They say a picture is worth a thousand words, but as I looked back at the sketches I’ve made since 2010, I couldn’t find just one that could define Seattle’s eventful decade in one big brushstroke. So here are 10 instead, one per year, including a few that can be summed up with a single word: Amazon!

The more the online juggernaut expanded its presence in Seattle, the more it kept drawing my attention.

In 2012, I said goodbye to the old Troy Laundry Building in South Lake Union with a sketch in which I couldn’t miss the opportunity to include the Amazon building nearby (Arizona). The laundry’s historical brick-and-terracotta facade was preserved, but the site — and many others in the neighborhood — is now home to another Amazon building (Houdini). In 2015, I went to University Village to draw Amazon’s first brick-and-mortar store — Amazon Books. The construction of the Spheres and the opening of the first Amazon Go store also caught my eye in the following years.

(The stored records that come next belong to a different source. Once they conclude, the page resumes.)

Lemma quotwt_le_projwt x : (quotwt phi x <= projwt Fam x)%N.
Proof.
apply: (@le_bigmin _ nat) => [|I /andP[I_Fam x_I]].
  by rewrite card_Fam; exact: (@bigmin_le_id _ nat).
pose X := enum_tuple I.
have X_line (k : 'I_#|I|) :
    exists p : 'I_nu * F, X`_k = p.2 *: phi (delta_mx ord0 p.1).
  have /parent_mem_line[j /vlineP[b ->]] : X`_k \in Fam.
    by apply: (subsetP I_Fam); rewrite -mem_enum mem_nth ?size_tuple.
  by exists (j, b).
have [g Xg] := fin_all_exists X_line.
pose w := \sum_k (coord X k x * (g k).2) *: (delta_mx ord0 (g k).1 : 'rV[F]_nu).
have phiw : phi w = x.
  rewrite [RHS](coord_span x_I) linear_sum; apply: eq_bigr => k _.
  by rewrite linearZ Xg scalerA.
exact: leq_trans (quotwt_le phiw) (hamw_sum_delta _ _).
Qed.

Lemma projwt_parent x : projwt Fam x = quotwt phi x.
Proof. by apply/eqP; rewrite eqn_leq projwt_le_quotwt quotwt_le_projwt. Qed.

Lemma parent_onto : spanning Fam -> limg phi = fullv.
Proof.
move=> Fam_span; apply/eqP; rewrite eqEsubv subvf -Fam_span.
apply/span_subvP => v; rewrite mem_enum => /parent_mem_line[j /vlineP[b ->]].
by apply/memvZ/memv_img/memvf.
Qed.

Lemma parent_min_dist : proj_point_family Fam -> min_dist_ge3 (lker phi).
Proof.
case=> Fam_neq0 Fam_indep.
have [f f_Fam col_f] := fin_all_exists2 phi_parent.1.
have f_onto v : v \in Fam -> exists i, v = f i.
  move=> /[dup] v_Fam /phi_parent.2[i colE]; exists i.
  apply/eqP; apply: contraT => v_neq_fi.
  have := Fam_indep _ _ v_Fam (f_Fam i) v_neq_fi; rewrite free_cons span_seq1.
  by rewrite -col_f colE memv_line.
have f_inj : injective f.
  have : #|[set f i | i in 'I_nu]| == #|'I_nu|.
    rewrite eqn_leq leq_imset_card card_ord /= -[X in (X <= _)%N]card_Fam.
    by apply/subset_leq_card/subsetP => v /f_onto[i ->]; apply: imset_f.
  by move/imset_injP => f_inj i j; apply: f_inj.
apply: cols_min_dist_ge3_lker => [i | i j ij].
  have := dim_vline (phi (delta_mx ord0 i)); rewrite col_f dim_vline Fam_neq0 //.
  by case: (_ != 0).
rewrite memvE col_f -memvE col_f.
have := Fam_indep _ _ (f_Fam i) (f_Fam j) (contra_neq (@f_inj i j) ij).
by rewrite free_cons span_seq1 => /andP[].
Qed.

End ParentFunction.

Lemma parent_exists (F : finFieldType) N nu (Fam : {set 'rV[F]_N}) :
  #|Fam| = nu -> exists phi : 'Hom('rV[F]_nu, 'rV[F]_N), parent_fun Fam phi.
Proof.
move=> card_Fam; pose X := enum Fam.
have size_X : size X = nu by rewrite -card_Fam cardE.
pose A : 'M[F]_(nu, N) := \matrix_(i < nu) X`_i.
have colA i : linfun (mulmxr A) (delta_mx ord0 i) = X`_i.
  by rewrite lfunE /= -rowE rowK.
exists (linfun (mulmxr A)); split=> [i | v v_Fam].
  by exists X`_i; rewrite ?colA // -mem_enum mem_nth ?size_X.
have v_idx : (index v X < nu)%N by rewrite -size_X index_mem mem_enum.
by exists (Ordinal v_idx); rewrite colA nth_index ?mem_enum.
Qed.

Section ColumnFamily.
Variables (F : finFieldType) (N nu : nat) (phi : 'Hom('rV[F]_nu, 'rV[F]_N)).

Definition column_family : {set 'rV[F]_N} :=
  [set phi (delta_mx ord0 i) | i : 'I_nu].

Lemma column_family_parent : parent_fun column_family phi.
Proof.
split=> [i | _ /imsetP[i _ ->]]; last by exists i.
by exists (phi (delta_mx ord0 i)); first exact: imset_f.
Qed.

Hypothesis phi_dist : min_dist_ge3 (lker phi).

Lemma card_column_family : #|column_family| = nu.
Proof.
have [_ col_indep] := min_dist_ge3_lker_cols phi_dist.
rewrite card_imset ?card_ord // => i j colij; apply/eqP; apply: contraT => ij.
by have := col_indep i j ij; rewrite colij memv_line.
Qed.

Lemma column_family_spanning_ppf :
  limg phi = fullv -> spanning_ppf column_family.
Proof.
have [col_neq0 col_indep] := min_dist_ge3_lker_cols phi_dist.
move=> phi_onto; split; last first.
  apply/eqP; rewrite eqEsubv subvf -phi_onto.
  apply/subvP => _ /memv_imgP[w _ ->].
  rewrite lfun_rowE; apply: memv_suml => i _.
  by apply/memvZ/memv_span; rewrite mem_enum; apply: imset_f.
split=> [_ /imsetP[i _ ->] // | _ _ /imsetP[i _ ->] /imsetP[j _ ->] colij].
rewrite free_cons span_seq1 seq1_free col_neq0 andbT col_indep //.
by apply: contra_neq colij => ->.
Qed.

End ColumnFamily.

Theorem proposition4p2 (F : finFieldType) (N nu : nat) (hNnu : (N <= nu)%N) :
  (* every spanning projective point family of size nu has a parent function *)
  (forall Fam : {set 'rV[F]_N}, spanning_ppf Fam -> #|Fam| = nu ->
     exists phi : 'Hom('rV[F]_nu, 'rV[F]_N), parent_fun Fam phi) /\
  (* parent codes lie in Gr_{nu-N}(F^nu)_{d_H >= 3} *)
  (forall (Fam : {set 'rV[F]_N}) (phi : 'Hom('rV[F]_nu, 'rV[F]_N)),
     spanning_ppf Fam -> #|Fam| = nu -> parent_fun Fam phi ->
     \dim (lker phi) = (nu - N)%N /\ min_dist_ge3 (lker phi)) /\
  (* Psi is well defined (=>) and injective (<=) *)
  (forall (Fam1 Fam2 : {set 'rV[F]_N}) (phi1 phi2 : 'Hom('rV[F]_nu, 'rV[F]_N)),
     spanning_ppf Fam1 -> #|Fam1| = nu -> parent_fun Fam1 phi1 ->
     spanning_ppf Fam2 -> #|Fam2| = nu -> parent_fun Fam2 phi2 ->
     (lin_isometric (projwt Fam1) (projwt Fam2) <->
      hamming_equiv (lker phi1) (lker phi2))) /\
  (* surjectivity, with inverse [P] |-> [wt_quot, phi_P] for any phi_P with kernel P *)
  (forall (P : {vspace 'rV[F]_nu}) (phiP : 'Hom('rV[F]_nu, 'rV[F]_N)),
     \dim P = (nu - N)%N -> min_dist_ge3 P -> lker phiP = P ->
     exists Fam : {set 'rV[F]_N},
       [/\ spanning_ppf Fam, #|Fam| = nu,
           lin_isometric (quotwt phiP) (projwt Fam) &
           forall phi : 'Hom('rV[F]_nu, 'rV[F]_N), parent_fun Fam phi ->
             hamming_equiv (lker phi) P]).
Proof.
have parent_code Fam (phi : 'Hom('rV[F]_nu, 'rV[F]_N)) :
    spanning_ppf Fam -> #|Fam| = nu -> parent_fun Fam phi ->
    [/\ limg phi = fullv, min_dist_ge3 (lker phi) & projwt Fam =1 quotwt phi].
  move=> [Fam_ppf Fam_span] card_Fam phi_parent.
  split; first exact: parent_onto phi_parent Fam_span.
    exact: parent_min_dist card_Fam phi_parent Fam_ppf.
  exact: projwt_parent card_Fam phi_parent.
split; first by move=> Fam _; exact: parent_exists.
split.
  move=> Fam phi Fam_sppf card_Fam /(parent_code _ _ Fam_sppf card_Fam)[onto dist _].
  by split; first exact: dim_lker_onto onto.
split.
  move=> Fam1 Fam2 phi1 phi2 s1 c1 /(parent_code _ _ s1 c1)[onto1 dist1 wt1].
  move=> s2 c2 /(parent_code _ _ s2 c2)[onto2 _ wt2].
  exact: iff_trans (eq_lin_isometric wt1 wt2) (quotwt_isometricP onto1 onto2 dist1).
move=> P phiP dimP distP kerP; rewrite -kerP in dimP distP *.
have phiP_onto := onto_dim_lker hNnu dimP.
have Fam_sppf := column_family_spanning_ppf distP phiP_onto.
have card_Fam := card_column_family distP.
have [_ _ wtP] := parent_code _ _ Fam_sppf card_Fam (column_family_parent phiP).
exists (column_family phiP); split=> // [|phi /(parent_code _ _ Fam_sppf card_Fam)].
  by apply/(eq_lin_isometric (frefl _) wtP)/lin_isometric_refl.
case=> onto dist wt; apply/quotwt_isometricP => //.
by apply/(eq_lin_isometric wt wtP)/lin_isometric_refl.
Qed.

But Amazon’s growth wasn’t the only force that brought visible changes to our city’s landscape over the past 10 years.

The demolition of the Alaskan Way Viaduct (can you believe it actually started in 2011?) is finally complete, a bigger, bulkier 520 bridge now floats over Lake Washington, and light rail extended north, reaching Capitol Hill and the University of Washington. Speaking of transit, an important site in Seattle’s transportation history, the old downtown bus station, was razed and replaced with the largest hotel in the Northwest. I heard travelers’ stories and sketched the bus station in 2013.

New skyscrapers have also dramatically altered the city skyline. If you visit the Starbucks in the Columbia Center sky lobby, you can see one of them up close, the sharp-edged F5 Tower. Blocks away, the new, L-shaped Rainier Square has already been topped, becoming the second-highest building in the city after the Columbia Center. Such tall buildings sure make Seattle feel more like New York City every day. High-rises are also popping up in upzoned neighborhoods. Have you noticed the M Seattle in the University District?

The scene at the street level isn’t the same either. Fancy food trucks, for example, were a rare sight in 2010 — remember “Maximus/Minimus,” the sci-fi-meets-steampunk-era truck that served pulled-pork sandwiches? These days, plenty of colorful trucks offering every possible international flavor can be seen downtown during lunch hour. Moving about the city has also become more complex. Not a day goes by in which I don’t see someone zipping around on a self-powered electric scooter (aka “e-rideables”) or riding one of those free-floating shared bikes that sometimes end up being dropped in the unlikeliest places.

So much has changed in 10 years, it’s easy to say that Seattle is unrecognizable. Yet everyone I’ve come across as I sketched around the region remains fiercely proud of this place we call home. I never saw a bigger display of Seattle civic pride than when the Seahawks paraded through the city to celebrate their first Super Bowl title in 2014. Now that playoff season is around the corner, I can’t think of a better way to start the 2020s than with a repeat of that joyful moment.